K.S. Sriraam1, T. Ramasamy1,*, K. Porteen1, A. Elamaran1, M. Pavithra1, T. Jagadeesh1, S. Rames1
1Department of Veterinary Pharmacology and Toxicology, Madras Veterinary College, Tamil Nadu Veterinary and Animal Sciences University, Chennai-600 007, Tamil Nadu, India.

ABSTRACT

Background: In the current scenario, the emergence of antimicrobial resistance has made it difficult to treat bacterial infections alone using antibacterial agents.

Methods: Milk samples collected from 100 mastitis affected cows from August 2018 to June 2019 and were stored at 4°C. After species confirmation, isolates were subjected to ABST and screened for resistance genes - mecA, blaTEM using PCR. Minimum Inhibitory Concentration (MIC) of tetracycline and ampicillin were determined against both Staphylococcus spp and E. coli, alone and in combination with atorvastatin, vitamin D by using a modified microdilution method. 

Result: Staphylococcus and E. coli isolates showed 80.65% and 85.71%, 100% and 85.71% resistance against tetracycline and ampicillin, respectively. Atorvastatin and vitamin D did not display antibacterial effects as sole agents against both bacterial species. However, there was a significant decrease in the MIC of ampicillin against E. coli and Staphylococcus spp when combined with atorvastatin and vitamin D but not for tetracycline.

INTRODUCTION

Mastitis is an inflammation of the udder caused by a various microorganisms, is a widespread and economically devastating disease in dairy cattle reported across the world (Abebe et al., 2016). A wide variety of organisms are implicated in the occurrence of mastitis, chief among them being Staphylococcus aureus and E. coli (Aksoy, 2021). The principal treatment for mastitis is administration of antibacterial agents, namely ampicillin, cloxacillin, penicillin G, streptomycin and tetracycline (Bhosale et al., 2014). However, the effective treatment of bovine mastitis mainly depends on the antimicrobial susceptibility of the organisms, the type of mastitis, the type of cattle breed and the treatment regimen (Barkema et al., 2006).

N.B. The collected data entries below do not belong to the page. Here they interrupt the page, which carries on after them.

(* Let $R$ be a commutative ring with nonzero identity and $\delta$ an expansion of ideals of $R$. (1) Let $I$ be a $\delta$-primary ideal of $R$ with $\delta(I)\neq R$. Then $I$ is a $\delta$-$n$-ideal of $R$ if and only if $I\subseteq\sqrt{0}$. (2) Let $I$ be a prime ideal of $R$ with $\delta(I)\neq R$. Then $I$ is a $\delta$-$n$-ideal of $R$ if and only if $I=\sqrt{0}$.
   Context: An expansion of ideals of a ring $R$ is a map $\delta$ from the set of ideals of $R$ to itself such that $I\subseteq\delta(I)$ for every ideal $I$, and $\delta(I)\subseteq\delta(J)$ whenever $I\subseteq J$. $\sqrt{0}$ denotes the nilradical of $R$. Given an expansion $\delta$, a proper ideal $I$ of $R$ is a $\delta$-$n$-ideal if whenever $a,b\in R$ with $ab\in I$ and $a\notin\sqrt{0}$, then $b\in\delta(I)$; it is $\delta$-primary if whenever $a,b\in R$ with $ab\in I$ and $a\notin I$, then $b\in\delta(I)$. *)

From mathcomp Require Import all_boot all_algebra.
Set Implicit Arguments. Unset Strict Implicit. Unset Printing Implicit Defensive.
Import GRing.Theory.
Local Open Scope ring_scope.

Section Defs.
Variable R : comNzRingType.

Definition incl_pred (I J : R -> Prop) : Prop := forall x, I x -> J x.

Definition is_ideal (I : R -> Prop) : Prop :=
  [/\ I 0,
      (forall x y, I x -> I y -> I (x + y)) &
      (forall r x, I x -> I (r * x))].

Definition proper_set (I : R -> Prop) : Prop := exists x, ~ I x.

Definition proper_ideal (I : R -> Prop) : Prop := is_ideal I /\ proper_set I.

Definition prime_ideal (I : R -> Prop) : Prop :=
  proper_ideal I /\ (forall a b, I (a * b) -> I a \/ I b).

Definition nilrad (x : R) : Prop := exists n : nat, x ^+ n = 0.

(* An expansion: a map from the set of ideals to itself, extensive and
   monotone. Its values on non-ideal predicates are irrelevant. *)
Definition expansion (delta : (R -> Prop) -> (R -> Prop)) : Prop :=
  [/\ (forall I, is_ideal I -> is_ideal (delta I)),
      (forall I, is_ideal I -> incl_pred I (delta I)) &
      (forall I J, is_ideal I -> is_ideal J -> incl_pred I J ->
                   incl_pred (delta I) (delta J))].

Definition delta_n_ideal (delta : (R -> Prop) -> (R -> Prop)) (I : R -> Prop) :=
  proper_ideal I /\
  (forall a b, I (a * b) -> ~ nilrad a -> delta I b).

Definition delta_primary (delta : (R -> Prop) -> (R -> Prop)) (I : R -> Prop) :=
  proper_ideal I /\
  (forall a b, I (a * b) -> ~ I a -> delta I b).

End Defs.

(* A delta-n-ideal I with delta(I) proper lies in the nilradical: if some
   x in I were not nilpotent, then x * 1 in I would force 1 in delta(I).
   Conversely a delta-primary ideal inside the nilradical is a delta-n-ideal,
   since a non-nilpotent a is in particular not in I.  A prime ideal is
   delta-primary and contains every nilpotent element, so for primes the
   inclusion I <= sqrt(0) becomes the equality I = sqrt(0). *)
From mathcomp Require Import all_boot all_algebra.
From Stdlib Require Import Classical FunctionalExtensionality PropExtensionality.
Set Implicit Arguments. Unset Strict Implicit.
Import GRing.Theory.
Local Open Scope ring_scope.

Section NIdeals.
Variable R : comNzRingType.
Implicit Types (I J : R -> Prop) (delta : (R -> Prop) -> (R -> Prop)).

Lemma incl_pred_antisym I J : incl_pred I J -> incl_pred J I -> I = J.
Proof.
move=> IJ JI; apply: functional_extensionality => x.
by apply: propositional_extensionality; split; [apply: IJ | apply: JI].
Qed.

Lemma proper_ideal_not1 I : is_ideal I -> proper_set I -> ~ I 1.
Proof. by move=> [_ _ Imul] [y Iy] I1; apply: Iy; rewrite -[y]mulr1; apply: Imul. Qed.

Lemma delta_n_ideal_sub_nilrad delta I :
  expansion delta -> delta_n_ideal delta I -> proper_set (delta I) ->
  incl_pred I (@nilrad R).
Proof.
move=> [delta_ideal _ _] [[idI _] nI] properD x Ix.
apply: NNPP => xNnil.
have D1 : delta I 1 by apply: (nI x); rewrite ?mulr1.
exact: proper_ideal_not1 (delta_ideal I idI) properD D1.
Qed.

Lemma delta_primary_n_ideal delta I :
  delta_primary delta I -> incl_pred I (@nilrad R) -> delta_n_ideal delta I.
Proof.
move=> [properI primI] Inil; split=> // a b Iab aNnil.
by apply: (primI a b Iab) => /Inil.
Qed.

Lemma prime_ideal_delta_primary delta I :
  expansion delta -> prime_ideal I -> delta_primary delta I.
Proof.
move=> [_ delta_ext _] [properI primeI]; split=> // a b Iab INa.
by apply: (delta_ext I properI.1); case: (primeI a b Iab).
Qed.

Lemma prime_ideal_exp I x n : prime_ideal I -> I (x ^+ n) -> I x.
Proof.
move=> [[idI properI] primeI]; elim: n => [|n IHn].
  by rewrite expr0 => /(proper_ideal_not1 idI properI).
by rewrite exprS => /primeI [|/IHn].
Qed.

Lemma nilrad_sub_prime_ideal I : prime_ideal I -> incl_pred (@nilrad R) I.
Proof.
move=> primeI x [n xn0]; apply: (prime_ideal_exp (n := n) primeI).
by rewrite xn0; case: primeI => [[[]]].
Qed.

End NIdeals.

Theorem proposition2p6 (R : comNzRingType) (delta : (R -> Prop) -> (R -> Prop)) :
  expansion delta ->
  (forall I : R -> Prop, delta_primary delta I -> proper_set (delta I) ->
     (delta_n_ideal delta I <-> incl_pred I (@nilrad R))) /\
  (forall I : R -> Prop, prime_ideal I -> proper_set (delta I) ->
     (delta_n_ideal delta I <-> I = @nilrad R)).
Proof.
move=> expD; split=> I.
  move=> primI properD; split=> [nI|]; first exact: delta_n_ideal_sub_nilrad expD nI properD.
  exact: delta_primary_n_ideal.
move=> primeI properD; split.
  move=> nI; apply: incl_pred_antisym; first exact: delta_n_ideal_sub_nilrad expD nI properD.
  exact: nilrad_sub_prime_ideal.
move=> Inil; apply: delta_primary_n_ideal; last by rewrite Inil.
exact: prime_ideal_delta_primary.
Qed.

As the udder quarters were infected with penicillin-sensitive pathogens, penicillin G to be used as first-line antibiotic agents (Grave et al., 1999). However, the appearance of penicillin G resistant staphylococci causing bovine mastitis has been reported (Ramasamy et al., 2021). Tetracycline is the most intensively used antibiotics due to its relative safety, low cost and broad-spectrum activity against Gram-positive, Gram-negative and Mycoplasma (Al-Nazawi, 2006). Antibiotics like ampicillin and tetracycline, which were hitherto effective in the treatment of mastitis, have reported significantly reduced efficacy (Mirzaagha et al., 2011). Treatment of mastitis has become increasingly difficult and challenging owing to the rapid emergence of antimicrobial resistance (Beuron et al., 2014).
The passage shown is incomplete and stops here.